Drawing on a quantitative analysis of hundreds of printed and archival sources from 77 towns, The Making of Urban Customary Law in Medieval England is the first cross-regional investigation into the history of urban customs since Mary Bateson's seminal, two-volume work Borough Customs (1904-1906). In contrast to English common law and church law, which both had long institutional and academic traditions devoted to training men in their legal philosophies, customary law constituted local practices that acquired the force of law over time. Urban customary law regulated political officeholding, trade, property holding, and even moral behaviour in English towns.
The Making of Urban Customary Law argues that urban customs, which governed the lives of people in English towns, were crucial to the development of a distinct, bourgeois identity in England-an evolution that this new study tracks from the early twelfth to the late sixteenth centuries. In the years following the Black Death, and especially during the Reformation period, this law became more concerned with defining political authority, maintaining morality, and articulating a consensus about the “common good” for townspeople.
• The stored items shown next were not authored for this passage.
Lemma support_line_le p x : p \in S -> x \in S -> support_line p x <= f x.
Proof.
move=> pS xS; rewrite /support_line -lerBrDl.
have [xp | px | ->] := ltgtP x p; last by rewrite !subrr mulr0.
- have -> : f x - f p = chord_slope x p * (x - p).
    by rewrite /chord_slope; field; rewrite subr_eq0 gt_eqF.
  rewrite ler_wnM2r ?subr_le0 ?(ltW xp) //.
  by rewrite /left_slope big_seq_cond; apply: (le_bigmax_seq _ _ _ _ xS); rewrite /= xS.
- have -> : f x - f p = chord_slope p x * (x - p).
    by rewrite /chord_slope; field; rewrite subr_eq0 gt_eqF.
  rewrite ler_wpM2r ?subr_ge0 ?(ltW px) //.
  rewrite /left_slope big_seq_cond; apply: bigmax_le => [|y /andP[yS yp]].
    by rewrite /chord_slope divr_ge0 ?subr_ge0 ?f_homo ?ltW.
  exact: chord_slope_le.
Qed.

Lemma support_hull_eq x : x \in S -> support_hull x = f x.
Proof.
move=> xS; apply/le_anti/andP; split.
  rewrite /support_hull big_seq; apply: bigmax_le => [|p pS]; last exact: support_line_le.
  by apply: support_line_le => //; move: xS; case: (S) => // a s _; exact: mem_head.
have -> : f x = support_line x x by rewrite /support_line subrr mulr0 addr0.
exact: (le_bigmax_seq _ _ xpredT (support_line^~ x) xS).
Qed.

End SupportHull.
Theorem mainTheorem18 (R : realType) (M : completeNormedModType R)
  (ip : M -> M -> R) (G : monoid.Group.type) (act : G -> M -> M)
  (d : measure_display) (T : measurableType d) (P : probability T R)
  (X : T -> M) (t0 : M) :
  hilbert_inner ip ->
  linear_isometric_action act ->
  borel_measurable_into X ->
  (\int[P]_w (`|X w| ^+ 2)%:E < +oo)%E ->
  expectation_is P ip X t0 ->
  (forall g : G, act g t0 = t0) ->
  (exists y : M, in_support P X y /\ exists g : G, act g y != y) ->
  ~ is_frechet_mean P act X t0.
Proof.
move=> hip hact hX hint hE t0_fixed [y [ysupp [g gy]]] t0_mean.
pose v := act g y - y; pose c := `|v| ^+ 2.
have c_gt0 : 0 < c by rewrite exprn_gt0 // normr_gt0 subr_eq0.
pose S := X @^-1` ball y (`|v| / 4).
have mS : measurable S by apply/hX/ball_open.
have [p PS p_gt0] : exists2 p : R, P S = p%:E & 0 < p.
  have PS_gt0 : (0 < P S)%E.
    by apply: ysupp; rewrite divr_gt0 // normr_gt0 subr_eq0.
  have : P S \is a fin_num.
    by rewrite ge0_fin_numE ?(le_lt_trans (probability_le1 P mS)) ?ltry // ltW.
  by move/fineK => PSE; exists (fine (P S)); rewrite // -lte_fin PSE.
pose e := p / 2.
have bound w : dQ act (X w) (t0 + e *: v) ^+ 2 <=
    `|X w - t0| ^+ 2 - 2 * e * ip (X w - t0) v + e ^+ 2 * c - e * c * \1_S w.
  rewrite indicE; have [wS | wS] := boolP (w \in S).
    rewrite mulr1; apply: dQ_shift_sqr_le_near => //.
      by rewrite divr_ge0 // ltW.
    by move: wS; rewrite in_setE /S /= -ball_normE /ball_ /= distrC.
  by rewrite mulr0 subr0; exact: dQ_shift_sqr_le.
have := frechet_fun_shift_le hip hact hX hint hE t0_fixed mS PS bound.
move=> /(le_trans (t0_mean (t0 + e *: v))).
have : frechet_fun P act X t0 \is a fin_num.
  rewrite (frechet_fun_fixed P X hact t0_fixed).
  exact: integrable_fin_num (integrable_sqr_norm_shift hX hint (- t0)).
move=> /fineK <-; rewrite -EFinD lee_fin -/c /e expr2.
by have := mulr_gt0 (mulr_gt0 p_gt0 p_gt0) c_gt0; nra.
Qed.
Lemma dot_projA D (v h : 'I_n -> R) : in_a D h -> dotv (projA D v) h = dotv v h.
Proof.
move=> hD; rewrite /dotv [RHS](sum_block_avg D); apply: eq_bigr => i _.
rewrite /projA mulrAC mulr_suml; congr (_ / _); apply: eq_bigr => j ij.
by rewrite (hD i j ij).
Qed.

Lemma sum_eq0_in_a0 D (v : 'I_n -> R) : in_a0 D v -> \sum_i v i = 0.
Proof. by move=> v0; rewrite (sum_block_avg D) big1 // => i _; rewrite v0 mul0r. Qed.

End BlockAverages.

Section Rho.
Variables (R : realType) (n : nat).
Implicit Types (D DS DP : {set 'I_n.-1}).

Definition precedes D (a b : nat) : bool := (a < b)%N && ~~ sameblk D a b.

Lemma precedesWl D (j k b : nat) : (j <= k)%N -> precedes D k b -> precedes D j b.
Proof.
move=> jk /andP[kb nkb]; rewrite /precedes (leq_ltn_trans jk kb) /=.
by apply: contra nkb => jb; apply: sameblk_midr jb _; rewrite jk ltnW.
Qed.

Lemma precedesWr D (j k b : nat) : (j <= k)%N -> precedes D b j -> precedes D b k.
Proof.
move=> jk /andP[bj nbj]; rewrite /precedes (leq_trans bj jk) /=.
by apply: contra nbj => bk; apply: sameblk_mid bk _; rewrite ltnW.
Qed.

Lemma rhoSP_precedes DS DP (a : 'I_n) :
  rhoSP R DS DP a = (\sum_(b : 'I_n | sameblk DP a b)
                      ((precedes DS a b)%:R - (precedes DS b a)%:R)) / 2.
Proof.
rewrite /rhoSP big_mkcond [X in _ = X / _]big_mkcond; congr (_ / 2).
apply: eq_bigr => b _; case: (sameblk DP a b) => //=.
rewrite /precedes [sameblk DS b a]sameblk_sym; case sab: (sameblk DS a b) => /=.
  by rewrite !andbF subrr.
by rewrite !andbT; case: ltngtP sab => [_ _|_ _|->]; rewrite ?sameblk_refl ?subr0 ?sub0r.
Qed.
This book makes two principal claims: First, customary law advanced the business interests of an urban oligarchy. These were urban (male) elites who drafted laws and obtained privileges to enhance their wealth and assert their political independence from local lords, and often made claims about the legitimacy of their privileges or laws by rooted them in history or some kind of ancestral past. These lawmakers also made considerable efforts to establish their identities as morally upright and even-handed patriarchs. In so doing, urban customary law played a central role in the development of a distinct bourgeois identity in medieval and Reformation England. Second, this law lent particular meanings to the “common good” in towns, as it helped these lawmakers articulate policies that cohered to their vision of an ideal civic community.